Stored data »
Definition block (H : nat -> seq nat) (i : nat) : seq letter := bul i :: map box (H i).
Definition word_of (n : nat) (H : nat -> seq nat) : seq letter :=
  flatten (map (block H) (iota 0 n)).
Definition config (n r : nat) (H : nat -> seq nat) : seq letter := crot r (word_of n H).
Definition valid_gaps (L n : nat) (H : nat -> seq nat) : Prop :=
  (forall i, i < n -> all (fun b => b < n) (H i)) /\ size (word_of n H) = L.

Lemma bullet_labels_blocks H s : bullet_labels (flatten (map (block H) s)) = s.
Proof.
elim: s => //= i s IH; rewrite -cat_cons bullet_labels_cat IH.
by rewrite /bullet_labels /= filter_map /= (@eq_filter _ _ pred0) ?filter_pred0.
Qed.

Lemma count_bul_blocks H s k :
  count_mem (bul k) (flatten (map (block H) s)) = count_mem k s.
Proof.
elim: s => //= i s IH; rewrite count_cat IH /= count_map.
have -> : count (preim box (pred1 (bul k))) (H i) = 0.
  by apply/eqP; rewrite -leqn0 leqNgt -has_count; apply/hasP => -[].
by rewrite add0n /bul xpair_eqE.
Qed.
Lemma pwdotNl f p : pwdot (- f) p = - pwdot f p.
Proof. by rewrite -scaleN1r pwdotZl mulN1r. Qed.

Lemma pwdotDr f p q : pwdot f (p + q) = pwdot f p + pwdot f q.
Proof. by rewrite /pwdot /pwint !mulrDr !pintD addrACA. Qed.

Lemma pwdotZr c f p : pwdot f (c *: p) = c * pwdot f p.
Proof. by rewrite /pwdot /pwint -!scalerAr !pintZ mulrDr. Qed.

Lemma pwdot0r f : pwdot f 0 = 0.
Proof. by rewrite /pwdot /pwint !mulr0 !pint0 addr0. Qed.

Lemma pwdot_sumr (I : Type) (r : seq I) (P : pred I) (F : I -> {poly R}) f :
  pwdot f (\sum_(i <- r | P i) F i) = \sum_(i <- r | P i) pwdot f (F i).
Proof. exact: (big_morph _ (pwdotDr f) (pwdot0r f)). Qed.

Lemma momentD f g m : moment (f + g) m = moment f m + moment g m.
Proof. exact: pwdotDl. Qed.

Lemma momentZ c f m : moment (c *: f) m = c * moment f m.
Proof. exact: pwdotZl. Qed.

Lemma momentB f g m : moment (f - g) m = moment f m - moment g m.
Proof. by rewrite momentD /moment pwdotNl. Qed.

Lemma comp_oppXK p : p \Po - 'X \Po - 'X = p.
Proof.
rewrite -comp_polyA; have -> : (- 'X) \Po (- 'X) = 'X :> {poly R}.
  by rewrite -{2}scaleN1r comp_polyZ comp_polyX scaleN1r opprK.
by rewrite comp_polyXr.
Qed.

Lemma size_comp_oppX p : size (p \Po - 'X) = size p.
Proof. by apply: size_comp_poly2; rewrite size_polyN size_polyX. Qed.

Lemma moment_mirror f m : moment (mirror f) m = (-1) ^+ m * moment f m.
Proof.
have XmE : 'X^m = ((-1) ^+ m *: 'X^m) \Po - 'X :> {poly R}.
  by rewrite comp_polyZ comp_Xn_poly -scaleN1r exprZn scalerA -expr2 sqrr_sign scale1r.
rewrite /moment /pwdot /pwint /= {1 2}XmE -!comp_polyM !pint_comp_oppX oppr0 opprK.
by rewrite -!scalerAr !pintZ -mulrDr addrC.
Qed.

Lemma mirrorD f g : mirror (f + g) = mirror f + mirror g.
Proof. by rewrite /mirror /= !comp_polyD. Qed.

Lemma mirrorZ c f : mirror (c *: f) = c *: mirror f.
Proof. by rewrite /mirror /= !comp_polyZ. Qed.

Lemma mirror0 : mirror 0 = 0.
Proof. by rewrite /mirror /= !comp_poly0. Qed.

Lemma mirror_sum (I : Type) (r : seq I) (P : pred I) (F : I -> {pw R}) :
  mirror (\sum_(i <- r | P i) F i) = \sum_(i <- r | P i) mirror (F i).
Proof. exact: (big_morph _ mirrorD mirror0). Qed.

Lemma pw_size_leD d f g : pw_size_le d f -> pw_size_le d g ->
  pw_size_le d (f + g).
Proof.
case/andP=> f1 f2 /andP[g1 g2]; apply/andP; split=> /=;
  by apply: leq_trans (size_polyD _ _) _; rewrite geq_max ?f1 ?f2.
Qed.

---

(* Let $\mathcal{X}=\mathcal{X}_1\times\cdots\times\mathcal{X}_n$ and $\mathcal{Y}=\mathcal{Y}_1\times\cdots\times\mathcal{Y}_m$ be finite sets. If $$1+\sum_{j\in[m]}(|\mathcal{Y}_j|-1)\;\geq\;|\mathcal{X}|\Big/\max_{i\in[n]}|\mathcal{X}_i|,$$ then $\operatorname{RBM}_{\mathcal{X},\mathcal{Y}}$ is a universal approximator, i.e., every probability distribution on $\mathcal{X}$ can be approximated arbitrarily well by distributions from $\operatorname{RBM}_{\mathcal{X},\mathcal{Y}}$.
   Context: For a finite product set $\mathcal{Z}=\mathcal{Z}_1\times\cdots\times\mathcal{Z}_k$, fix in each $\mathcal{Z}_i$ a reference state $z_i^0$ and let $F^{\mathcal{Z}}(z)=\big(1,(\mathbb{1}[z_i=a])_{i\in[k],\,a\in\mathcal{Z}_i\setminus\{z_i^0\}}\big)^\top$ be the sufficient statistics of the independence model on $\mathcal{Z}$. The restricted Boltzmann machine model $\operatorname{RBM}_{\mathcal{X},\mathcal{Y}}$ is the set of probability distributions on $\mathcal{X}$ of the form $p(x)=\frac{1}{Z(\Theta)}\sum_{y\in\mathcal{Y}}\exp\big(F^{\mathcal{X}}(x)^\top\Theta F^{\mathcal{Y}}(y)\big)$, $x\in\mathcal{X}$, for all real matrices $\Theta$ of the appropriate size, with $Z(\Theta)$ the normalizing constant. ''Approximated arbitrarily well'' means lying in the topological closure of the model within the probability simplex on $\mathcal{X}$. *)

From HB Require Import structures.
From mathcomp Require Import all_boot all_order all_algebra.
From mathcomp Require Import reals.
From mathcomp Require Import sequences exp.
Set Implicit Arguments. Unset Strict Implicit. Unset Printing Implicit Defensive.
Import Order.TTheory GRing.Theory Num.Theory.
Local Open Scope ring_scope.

About this task »
Repeat the entries above verbatim, but only from the line that has "Definition block (H" down to the line that has "Lemma pwdot_sumr (I", inclusive.

Completed task »
Definition block (H : nat -> seq nat) (i : nat) : seq letter := bul i :: map box (H i).
Definition word_of (n : nat) (H : nat -> seq nat) : seq letter :=
  flatten (map (block H) (iota 0 n)).
Definition config (n r : nat) (H : nat -> seq nat) : seq letter := crot r (word_of n H).
Definition valid_gaps (L n : nat) (H : nat -> seq nat) : Prop :=
  (forall i, i < n -> all (fun b => b < n) (H i)) /\ size (word_of n H) = L.

Lemma bullet_labels_blocks H s : bullet_labels (flatten (map (block H) s)) = s.
Proof.
elim: s => //= i s IH; rewrite -cat_cons bullet_labels_cat IH.
by rewrite /bullet_labels /= filter_map /= (@eq_filter _ _ pred0) ?filter_pred0.
Qed.

Lemma count_bul_blocks H s k :
  count_mem (bul k) (flatten (map (block H) s)) = count_mem k s.
Proof.
elim: s => //= i s IH; rewrite count_cat IH /= count_map.
have -> : count (preim box (pred1 (bul k))) (H i) = 0.
  by apply/eqP; rewrite -leqn0 leqNgt -has_count; apply/hasP => -[].
by rewrite add0n /bul xpair_eqE.
Qed.
Lemma pwdotNl f p : pwdot (- f) p = - pwdot f p.
Proof. by rewrite -scaleN1r pwdotZl mulN1r. Qed.

Lemma pwdotDr f p q : pwdot f (p + q) = pwdot f p + pwdot f q.
Proof. by rewrite /pwdot /pwint !mulrDr !pintD addrACA. Qed.

Lemma pwdotZr c f p : pwdot f (c *: p) = c * pwdot f p.
Proof. by rewrite /pwdot /pwint -!scalerAr !pintZ mulrDr. Qed.

Lemma pwdot0r f : pwdot f 0 = 0.
Proof. by rewrite /pwdot /pwint !mulr0 !pint0 addr0. Qed.

Lemma pwdot_sumr (I : Type) (r : seq I) (P : pred I) (F : I -> {poly R}) f :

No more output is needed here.